Good source: Harrell, F. E., (2001) Regression Modeling Strategies. Springer. pp 99ff

## Purpose of validation

To assess how model is likely to fit new data (population?). We can tell how well it fits the data set being analyzed but too complex a model might just be fitting random aspects of the data being analyzed.
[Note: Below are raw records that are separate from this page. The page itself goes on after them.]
Lemma smul_cstK1 y : smul (cstK 1) y = y.
Proof. by case: HM => _ [_ [_ [smul1 _]]]; exact: smul1. Qed.

Lemma smul_cstK0 y : smul (cstK 0) y = 0.
Proof.
apply: (@addrI _ (smul (cstK 0) y)).
by rewrite addr0 -smul_cstKD addr0.
Qed.

Lemma smul_cstKN1 y : smul (cstK (-1)) y = - y.
Proof.
apply: (@addrI _ y); rewrite subrr -{1}[y]smul_cstK1 -smul_cstKD.
by rewrite subrr smul_cstK0.
Qed.

Lemma normc_cstK (t : R) (w : Omega) : Normc.normc (cstK t w) = `|t|.
Proof. by rewrite /cstK /Normc.normc expr0n /= addr0 sqrtr_sqr. Qed.

Lemma nrm_measurable y : measurable_fun setT (nrm y).
Proof. by case: HM => _ [_ [_ [_ [_ [nrmL0 _]]]]]; case: (nrmL0 y). Qed.

Lemma nrm_ge0 y : {ae P, forall w, 0 <= nrm y w}.
Proof. by case: HM => _ [_ [_ [_ [_ [nrmL0 _]]]]]; case: (nrmL0 y). Qed.

Lemma nrm_smul_cstK t y : {ae P, forall w, nrm (smul (cstK t) y) w = `|t| * nrm y w}.
Proof.
case: HM => _ [_ [_ [_ [_ [_ [nrmZ _]]]]]].
by apply: filterS (nrmZ _ y (Kval_cstK t)) => w ->; rewrite normc_cstK.
Qed.

Lemma nrmD_le y z : {ae P, forall w, nrm (y + z) w <= nrm y w + nrm z w}.
Proof. by case: HM => _ [_ [_ [_ [_ [_ [_ [nrmD _]]]]]]]; exact: nrmD. Qed.

Lemma nrm0 : {ae P, forall w, nrm 0 w = 0}.
Proof. by apply: filterS (nrm_smul_cstK 0 0) => w; rewrite smul_cstK0 normr0 mul0r. Qed.

Lemma nrm_distC y z : {ae P, forall w, nrm (y - z) w = nrm (z - y) w}.
Proof.
apply: filterS (nrm_smul_cstK (-1) (z - y)) => w.
by rewrite smul_cstKN1 opprB normrN normr1 mul1r.
Qed.

Lemma bounded_opB {U : S -> S} : bounded_op P isC smul nrm U ->
  forall a b, U (a - b) = U a - U b.
Proof.
move=> [linU _] a b.
have := linU (cstK 1) (cstK (-1)) a b (Kval_cstK 1) (Kval_cstK (-1)).
by rewrite !smul_cstK1 !smul_cstKN1.
Qed.
Lemma phi_right_slope_local (t0 : R) : I t0 -> forall u, I u -> t0 < u ->
  (- 2 * t0 - 2 * F t0) - (u - t0) <= slope phi t0 u.
Proof.
  intros Ht0 u Hu Hut. pose proof (sq_drop_bound t0 u Ht0 Hu) as Hb.
  rewrite Rabs_right in Hb by lra.
  pose proof (slope_spec phi t0 u ltac:(lra)) as Hk.
  set (k := slope phi t0 u) in *. unfold phi in Hk.
  apply (Rmult_le_reg_r (u - t0)); [lra|]. nra.
Qed.

(** Conclusion: [phi] has at [t0] a supporting line of slope
    [k] in [[-2 t0 - 2 F t0, -2 t0 + 2 F t0]], which is a supporting
    parabola for [F^2] with vertex [c = -k/2]. *)
Theorem lipschitz_CN_G_convex : G_convex I F.
Proof.
  apply G_convex_of_supporting_parabola; [exact HF0|]. intros t0 Ht0.
  pose proof (HF0 t0 Ht0).
  destruct (supporting_line I phi phi_convex t0
              (- 2 * t0 - 2 * F t0) (- 2 * t0 + 2 * F t0) Ht0 ltac:(lra)
              (left_slope_bound I phi HI phi_convex t0 _ Ht0
                 (phi_left_slope_local t0 Ht0))
              (right_slope_bound I phi HI phi_convex t0 _ Ht0
                 (phi_right_slope_local t0 Ht0)))
    as [k [Hk Hsupp]].
  exists (- k / 2). split; [nra|].
  intros s Hs. pose proof (Hsupp s Hs). unfold phi in *. nra.
Qed.

End LipschitzMidpoint.

Theorem mainTheorem15 (Q : Type) (d : Q -> Q -> R) (I : R -> Prop) (gamma : R -> Q) (y : Q) :
  Hadamard d -> is_interval I -> unit_speed_geodesic d I gamma ->
  G_convex I (fun t => d y (gamma t)).
Proof.
  intros Hd HI Hg.
  assert (Hmetric : is_metric d) by apply Hd.
  apply (lipschitz_CN_G_convex I).
  - exact HI.
  - intros t _. apply Hmetric.
  - intros s t Hs Ht. rewrite <- (Hg s t Hs Ht). apply dist_reverse_triangle, Hmetric.
  - intros p q Hp Hq. apply (geodesic_dist_midpoint d I); assumption.
Qed.
Lemma breakpoint_Q2x k : k0 <= k -> Q2x (macro k) (breakpoint k).1 (rank_at k) (breakpoint k).2.
Proof.
move=> k0k; have [even_i i_le sub rk] := breakpoint_inv k0k; have tightk := tight_from k0k.
apply: Q2x_of_monotone => [|p q pS qS spq]; last first.
  by rewrite !rank_atE //; apply: vrank_sim spq (macro_rejecting qS).
have ranking_k : ranking A (rank_at k).
  split => q; first by rewrite /nQ mul2n /rank_at; case: ifP => // _; apply: vrank_le.
  by move=> qF; rewrite /rank_at; case: ifP => // qS; apply: vrank_fin_even (macro_rejecting qS) qF.
have i_bound : (breakpoint k).2 + 2 <= 2 * nQ Q.
  have := max_rank_le k; rewrite max_rank_from // /nQ.
  have := odd_double_half m; have := odd_double_half (breakpoint k).2.
  rewrite stable_rank_odd (negbTE even_i) -!mul2n; lia.
by split; [split; [|apply: tight_subset (subsetT _) tightk] | split; [|split; [|split; [|split]]]].
Qed.

Definition complement_run k :=
  if k < k0 then C1 (macro k) else C2 (macro k) (breakpoint k).1 (rank_at k) (breakpoint k).2.

Lemma complement_run_trans k : ctrans A Q2x post (complement_run k) (w k) (complement_run k.+1).
Proof.
rewrite /complement_run; case: (ltnP k.+1 k0) => [lt|k0k1].
  by rewrite (ltn_trans (ltnSn k) lt); apply: post_postf.
have Q2k1 := breakpoint_Q2x k0k1; have tight_k1 := tight_from k0k1.
case: (ltnP k k0) => [lt|k0k] /=.
  by move: Q2k1; rewrite /= lt => Q2k1; split => //; split => //; apply: post_postf.
split => //; split; first exact: post_postf.
split=> [q q' qS qq'|].
  by rewrite !rank_atE ?(macro_succ qS qq') //; apply: vrank_edge (macro_rejecting qS) qq'.
have rk k' : k0 <= k' -> rank (rank_at k') = m by apply: max_rank_from.
rewrite !rk ?(leqW k0k) // ltnNge k0k /= /breakpoint_step; split => //; split => //.
by case: eqP => [O0|/eqP nonempty]; [left | right].
Qed.

Lemma breakpoint_empty_often N : exists k, N <= k /\ (breakpoint k).1 = set0.
Proof.
apply: contrapT => never; set N' := maxn N k0; have k0N' : k0 <= N' := leq_maxr _ _.
have nonempty k : N' <= k -> (breakpoint k).1 != set0.
  move=> N'k; apply/negP => /eqP empty; apply: never; exists k.
  by split => //; apply: leq_trans (leq_maxl _ _) N'k.
have index_const k : N' <= k -> (breakpoint k).2 = (breakpoint N').2.
  move=> /subnKC <-; elim: (k - N') => [|d IH]; first by rewrite addn0.
  rewrite addnS breakpointS ?(leq_trans k0N') ?leq_addr // /breakpoint_step.
  by rewrite (negbTE (nonempty _ (leq_addr _ _))).
have [even_iv _ _ _] := breakpoint_inv k0N'.
apply: (@level_not_persistent (breakpoint N').2 (fun k => (breakpoint k).1) N' complA).
- move=> k x N'k xO; have [_ _ sub rk] := breakpoint_inv (leq_trans k0N' N'k).
  have xS := subsetP sub x xO.
  have rx : vrank x k = (breakpoint N').2 by rewrite -rank_atE // rk // index_const.
  by rewrite -rx; apply: vrank_even_finite (macro_rejecting xS) _; rewrite rx.
- move=> k x N'k; rewrite breakpointS ?(leq_trans k0N' N'k) // /breakpoint_step.
  rewrite (negbTE (nonempty _ N'k)) !inE => /andP[/bigcupP[p pO px] _].
  have [_ _ sub _] := breakpoint_inv (leq_trans k0N' N'k).
  have xS := macro_succ (subsetP sub p pO) px.
  by exists p, x; split => //; [apply: sim_de_refl | apply: macro_rejecting xS].
- exact: nonempty.
Qed.

Lemma clang_of_breakpoints : clang A Q2x post w.
Proof.
exists complement_run; split; first by rewrite /complement_run k0_gt0.
split=> [|N]; first exact: complement_run_trans.
have [k [Nk O0]] := breakpoint_empty_often (maxn N k0); have k0k := leq_trans (leq_maxr _ _) Nk.
exists k; split; first exact: leq_trans (leq_maxl _ _) Nk.
by rewrite /complement_run ltnNge k0k /=; split => //; apply: breakpoint_Q2x.
Qed.

End BreakpointRun.

Lemma clang_of_rejected : clang A Q2x post w.
Proof.
have [[k0 /eqP S0]|nonempty] := pselect (exists k, macro k == set0).
  exact: clang_of_empty_macro S0.
have {}nonempty k : macro k != set0 by apply/negP => S0; apply: nonempty; exists k.
have [k1 [_ stable]] :=
  nonincreasing_eventually_const (m := 0) (fun k _ => max_rank_nonincreasing k).
have [L tightL] := macro_tight_eventually nonempty stable.
apply: (@clang_of_breakpoints (max_rank k1) (maxn (maxn k1 L) 1)) => [|k k0k|k k0k].
- by rewrite leq_max orbT.
- by apply: stable; apply: leq_trans k0k; rewrite !leq_max leqnn.
- by apply: tightL; apply: leq_trans k0k; rewrite !leq_max leqnn orbT.
Qed.

End Completeness.

End RunDag.

Section Complement.
Variables (Sigma Q : finType) (A : buchi Sigma Q).
Hypothesis complA : complete A.

Lemma clang_iff_rejected (Q2x : {set Q} -> {set Q} -> (Q -> nat) -> nat -> Prop)
    (post : {set Q} -> {set Q} -> Prop) (postf : {set Q} -> {set Q}) :
  (forall S O f i, Q2x S O f i -> Q2 A S O f i) ->
  (forall S O f i, Q2 A S O f i -> de_monotone A S f -> Q2x S O f i) ->
  (forall T S', post T S' -> T \subset S') ->
  (forall T, post T (postf T)) -> (forall T : {set Q}, T \subset postf T) ->
  (forall (T : {set Q}) x, x \in postf T -> exists2 y, y \in T & sim_de A x y) ->
  forall w, clang A Q2x post w <-> ~ lang A w.
Proof.
move=> Q2x_sub Q2x_mono post_sup post_postf postf_sup postf_sim w.
by split; [apply: clang_rejects | apply: clang_of_rejected].
Qed.

Lemma lang_BS_iff_rejected w : lang_BS A w <-> ~ lang A w.
Proof.
apply: (@clang_iff_rejected _ _ id) => // [T S' -> //|T x xT].
by exists x => //; apply: sim_de_refl.
Qed.

Definition str (T : {set Q}) := [set q | `[< exists2 s, s \in T & sim_de A q s >]].

Lemma sat_iff_rejected (Q2x : {set Q} -> {set Q} -> (Q -> nat) -> nat -> Prop) :
  (forall S O f i, Q2x S O f i -> Q2 A S O f i) ->
  (forall S O f i, Q2 A S O f i -> de_monotone A S f -> Q2x S O f i) ->
  forall w, clang A Q2x (post_str A) w <-> ~ lang A w.
Proof.
move=> Q2x_sub Q2x_mono; apply: (@clang_iff_rejected _ _ str) => //.
- move=> T S' str_S'; apply/subsetP => q qT; apply/str_S'.
  by exists q => //; apply: sim_de_refl.
- by move=> T q; rewrite inE; split => /asboolP.
- move=> T; apply/subsetP => q qT; rewrite inE; apply/asboolP.
  by exists q => //; apply: sim_de_refl.
- by move=> T x; rewrite inE => /asboolP.
Qed.

Lemma Q2_di_of_monotone S O f i : Q2 A S O f i -> de_monotone A S f -> Q2_di A S O f i.
Proof.
move=> Q2S mono; split => // -[p [q [pS qS sim lt]]].
by move: (mono p q pS qS (sim_di_de sim)); rewrite leqNgt lt.
Qed.

Lemma Q2_de_of_monotone S O f i : Q2 A S O f i -> de_monotone A S f -> Q2_de A S O f i.
Proof.
move=> Q2S mono; split => // -[p [q [pS qS sim lt]]].
have ceil_ge : f q <= ceil_even (f q) by rewrite /ceil_even; case: ifP.
by move: (leq_trans (mono p q pS qS sim) ceil_ge); rewrite leqNgt lt.
Qed.

End Complement.

Theorem lemma9 (Sigma Q : finType) (A : buchi Sigma Q) :
  0 < #|Sigma| -> complete A ->
  (forall w, lang_sat_di A w <-> lang_BS A w) /\
  (forall w, lang_sat_de A w <-> lang_BS A w) /\
  (forall w, lang_sat_dide A w <-> lang_BS A w).
Proof.
move=> _ complA; split; [|split] => w; rewrite lang_BS_iff_rejected //.
all: apply: sat_iff_rejected => //.
- by move=> S O f i [].
- exact: Q2_di_of_monotone.
- by move=> S O f i [].
- exact: Q2_de_of_monotone.
- by move=> S O f i [[]].
- by move=> S O f i Q2S mono; split; [apply: Q2_di_of_monotone | apply: Q2_de_of_monotone].
Qed.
In other words we want to fit signal and not noise.

We need a measure of predictive accuracy that is not biased by overfitting.

3 causes of failure to validate:

1. overfitting
2. changes in measurement methods, definitions of variables
3. changes in subject inclusion criteria

Modes of model validation:

1. internal: use analyzed data
2. external: use new data or data splitting
See val.prob and val.surv in Design

Measures:

1. R2: good but biased
2. adjusted R2: unbiased but only if model prespecified -- not for selected models, i.e. okay if p is honest and includes all variables ever examined (formally or informally)

Two aspects of predictive accuracy that need to be assessed:

1. Calibration or reliability: ability of model to make unbiased estimates of outcomes
2. Discrimination is ability to separate subject's outcomes

First aspect (sec of 4.5 of Harrell) Beta(Y,Yhat) = 1 on fitted data but Beta(Y,Yhat) < 1 on new data.

Example: 10 sample of sized 50 from iid N(.5, 1)
Beta(Y,Yhat) = 1 on data but Beta(Y,Yhat) = 0 on new data.
Let γ is
van Houwelingen and le Cessie: $\hat{\gamma}=\frac{model \chi^2 - p}{model \chi^2}$
For ordinary linear model $\hat{\gamma}=\frac{n-p-1}{n-1}\frac{R^2_{}adj}{R^2}$

where $1 - R^2_{adj}= (1 - R^2) \frac{n-1}{n-p-1}$ leading to $\hat{\beta}^s_0=(1-\hat{\gamma})\bar(Y) + \hat{\gamma}\hat{\beta}_0$ and $\hat{\beta}^s_j=\hat{\gamma}\hat{\beta}_j, j= 1,...p$